About this exercise:
Return the records below from the line containing "Lemma Verr_ge beta" onward, exactly, through and including the last line.
──────────────────────────────
Lemma partition_cost_ge s1 s2 p q r : 0 <= s1 <= s2 -> s2 <= 1 ->
  (4 - sqrt 3) / 288 <= partition_cost s1 s2 p q r.
Proof.
  intros H1 H2. pose proof sqrt3_bounds. unfold partition_cost.
  destruct (Rle_dec s2 (1/2)) as [Hs2 | Hs2].
  { rewrite (cell_cost_below p), (cell_cost_below q), (cell_cost_split r) by lra.
    pose proof (partition_cost_cuts_below s1 s2 p q r H1 Hs2). lra. }
  destruct (Rle_dec s1 (1/2)) as [Hs1 | Hs1].
  2:{ rewrite (cell_cost_split p), (cell_cost_above q), (cell_cost_above r) by lra.
      pose proof (partition_cost_cuts_above s1 s2 p q r ltac:(lra) H2). lra. }
  rewrite (cell_cost_below p), (cell_cost_split q), (cell_cost_above r) by lra.
  assert (H1' : 0 <= s1 <= 1/2) by lra. assert (H2' : 1/2 <= s2 <= 1) by lra.
  destruct (Rle_dec q (3/16)) as [Hq | Hq].
  { pose proof (partition_cost_centre_low s1 s2 p q r H1' H2' Hq). lra. }
  destruct (Rle_dec q (13/16)) as [Hq' | Hq'].
  { pose proof (partition_cost_centre_mid s1 s2 p q r H1' H2' ltac:(lra)). lra. }
  pose proof (partition_cost_centre_high s1 s2 p q r H1' H2' ltac:(lra)). lra.
Qed.

Lemma Verr_ge beta : admissible 3 beta -> (4 - sqrt 3) / 288 <= Verr beta.
Proof.
  intros Hb. destruct (mindist_min3_sq beta Hb) as (a & b & c & Hmin).
  destruct (min3_sq_sort a b c) as (p & q & r & Hs & Hsort).
  unfold Verr. rewrite (EP_ext _ (min3_sq p q r)) by congruence.
  rewrite EP_min3_sq by exact Hs.
  apply partition_cost_ge; unfold clamp01, Rmax, Rmin; repeat destruct Rle_dec; lra.
Qed.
──────────────────────────────
Exercise response:
Lemma Verr_ge beta : admissible 3 beta -> (4 - sqrt 3) / 288 <= Verr beta.
Proof.
  intros Hb. destruct (mindist_min3_sq beta Hb) as (a & b & c & Hmin).
  destruct (min3_sq_sort a b c) as (p & q & r & Hs & Hsort).
  unfold Verr. rewrite (EP_ext _ (min3_sq p q r)) by congruence.
  rewrite EP_min3_sq by exact Hs.
  apply partition_cost_ge; unfold clamp01, Rmax, Rmin; repeat destruct Rle_dec; lra.
Qed.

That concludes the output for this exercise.